● Exercise goal
Repeat all the data word for word.

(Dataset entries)
-- Opening Marker --

Lemma stationary_is_derive2 (x : R) :
  is_derive (Derive U) x (stat_rhs D (kappa / massU U) (U x)).
Proof.
  destruct U_stat as [_ [_ [HU1 Heq]]].
  replace (stat_rhs D (kappa / massU U) (U x)) with (Derive (Derive U) x).
  - apply Derive_correct, HU1.
  - specialize (Heq x). change (Derive_n U 2 x) with (Derive (Derive U) x) in Heq.
    unfold stat_rhs. replace (kappa / massU U * exp (U x)) with (kappa * exp (U x) / massU U)
      by (unfold Rdiv; ring).
    set (a := U x - kappa * exp (U x) / massU U).
    apply Rmult_eq_reg_l with D; [|lra]. replace (D * (a / D)) with a by (field; lra).
    unfold a. lra.
Qed.

Lemma stationary_unique (a a1 : R -> R) (x0 : R) :
  (forall t, is_derive a t (a1 t)) ->
  (forall t, is_derive a1 t (stat_rhs D (kappa / massU U) (a t))) ->
  a 0 = U x0 -> a1 0 = Derive U x0 -> forall t, U (x0 + t) = a t.
Proof.
  intros Ha Ha1 E0 E1.
  apply (autonomous_unique _ (fun t => U (x0 + t)) (fun t => Derive U (x0 + t)) a a1
           (stat_rhs_locally_lipschitz D (kappa / massU U) D_pos)); auto.
  - intros t. apply is_derive_shift, stationary_is_derive.
  - intros t. apply (is_derive_shift (Derive U)), stationary_is_derive2.
  - now rewrite Rplus_0_r.
  - now rewrite Rplus_0_r.
Qed.

Lemma stationary_symmetric (x0 : R) : Derive U x0 = 0 -> forall t, U (x0 + t) = U (x0 - t).
Proof.
  intros Hx0. apply (stationary_unique _ (fun t => - Derive U (x0 - t))).
  - intros t. apply is_derive_reflect, stationary_is_derive.
  - intros t. rewrite <- (Ropp_involutive (stat_rhs _ _ _)).
    apply (is_derive_opp (fun t => Derive U (x0 - t))), (is_derive_reflect (Derive U)),
      stationary_is_derive2.
  - now rewrite Rminus_0_r.
  - rewrite Rminus_0_r, Hx0. ring.
Qed.

Lemma stationary_derive_antisymmetric (x0 : R) : Derive U x0 = 0 ->
  forall t, Derive U (x0 + t) = - Derive U (x0 - t).
Proof.
  intros Hx0 t.
  assert (Hplus : is_derive (fun s => U (x0 + s)) t (Derive U (x0 + t)))
    by apply is_derive_shift, stationary_is_derive.
  assert (Hminus : is_derive (fun s => U (x0 + s)) t (- Derive U (x0 - t))).
  { apply (is_derive_ext (fun s => U (x0 - s)));
      [intros s; symmetry; apply stationary_symmetric, Hx0|].
    apply is_derive_reflect, stationary_is_derive. }
  rewrite <- (is_derive_unique _ _ _ Hplus). exact (is_derive_unique _ _ _ Hminus).
Qed.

-- Closing Marker --

● Task solution
Lemma stationary_is_derive2 (x : R) :
  is_derive (Derive U) x (stat_rhs D (kappa / massU U) (U x)).
Proof.
  destruct U_stat as [_ [_ [HU1 Heq]]].
  replace (stat_rhs D (kappa / massU U) (U x)) with (Derive (Derive U) x).
  - apply Derive_correct, HU1.
  - specialize (Heq x). change (Derive_n U 2 x) with (Derive (Derive U) x) in Heq.
    unfold stat_rhs. replace (kappa / massU U * exp (U x)) with (kappa * exp (U x) / massU U)
      by (unfold Rdiv; ring).
    set (a := U x - kappa * exp (U x) / massU U).
    apply Rmult_eq_reg_l with D; [|lra]. replace (D * (a / D)) with a by (field; lra).
    unfold a. lra.
Qed.

Lemma stationary_unique (a a1 : R -> R) (x0 : R) :
  (forall t, is_derive a t (a1 t)) ->
  (forall t, is_derive a1 t (stat_rhs D (kappa / massU U) (a t))) ->
  a 0 = U x0 -> a1 0 = Derive U x0 -> forall t, U (x0 + t) = a t.
Proof.
  intros Ha Ha1 E0 E1.
  apply (autonomous_unique _ (fun t => U (x0 + t)) (fun t => Derive U (x0 + t)) a a1
           (stat_rhs_locally_lipschitz D (kappa / massU U) D_pos)); auto.
  - intros t. apply is_derive_shift, stationary_is_derive.
  - intros t. apply (is_derive_shift (Derive U)), stationary_is_derive2.
  - now rewrite Rplus_0_r.
  - now rewrite Rplus_0_r.
Qed.

Lemma stationary_symmetric (x0 : R) : Derive U x0 = 0 -> forall t, U (x0 + t) = U (x0 - t).
Proof.
  intros Hx0. apply (stationary_unique _ (fun t => - Derive U (x0 - t))).
  - intros t. apply is_derive_reflect, stationary_is_derive.
  - intros t. rewrite <- (Ropp_involutive (stat_rhs _ _ _)).
    apply (is_derive_opp (fun t => Derive U (x0 - t))), (is_derive_reflect (Derive U)),
      stationary_is_derive2.
  - now rewrite Rminus_0_r.
  - rewrite Rminus_0_r, Hx0. ring.
Qed.

Lemma stationary_derive_antisymmetric (x0 : R) : Derive U x0 = 0 ->
  forall t, Derive U (x0 + t) = - Derive U (x0 - t).
Proof.
  intros Hx0 t.
  assert (Hplus : is_derive (fun s => U (x0 + s)) t (Derive U (x0 + t)))
    by apply is_derive_shift, stationary_is_derive.
  assert (Hminus : is_derive (fun s => U (x0 + s)) t (- Derive U (x0 - t))).
  { apply (is_derive_ext (fun s => U (x0 - s)));
      [intros s; symmetry; apply stationary_symmetric, Hx0|].
    apply is_derive_reflect, stationary_is_derive. }
  rewrite <- (is_derive_unique _ _ _ Hplus). exact (is_derive_unique _ _ _ Hminus).
Qed.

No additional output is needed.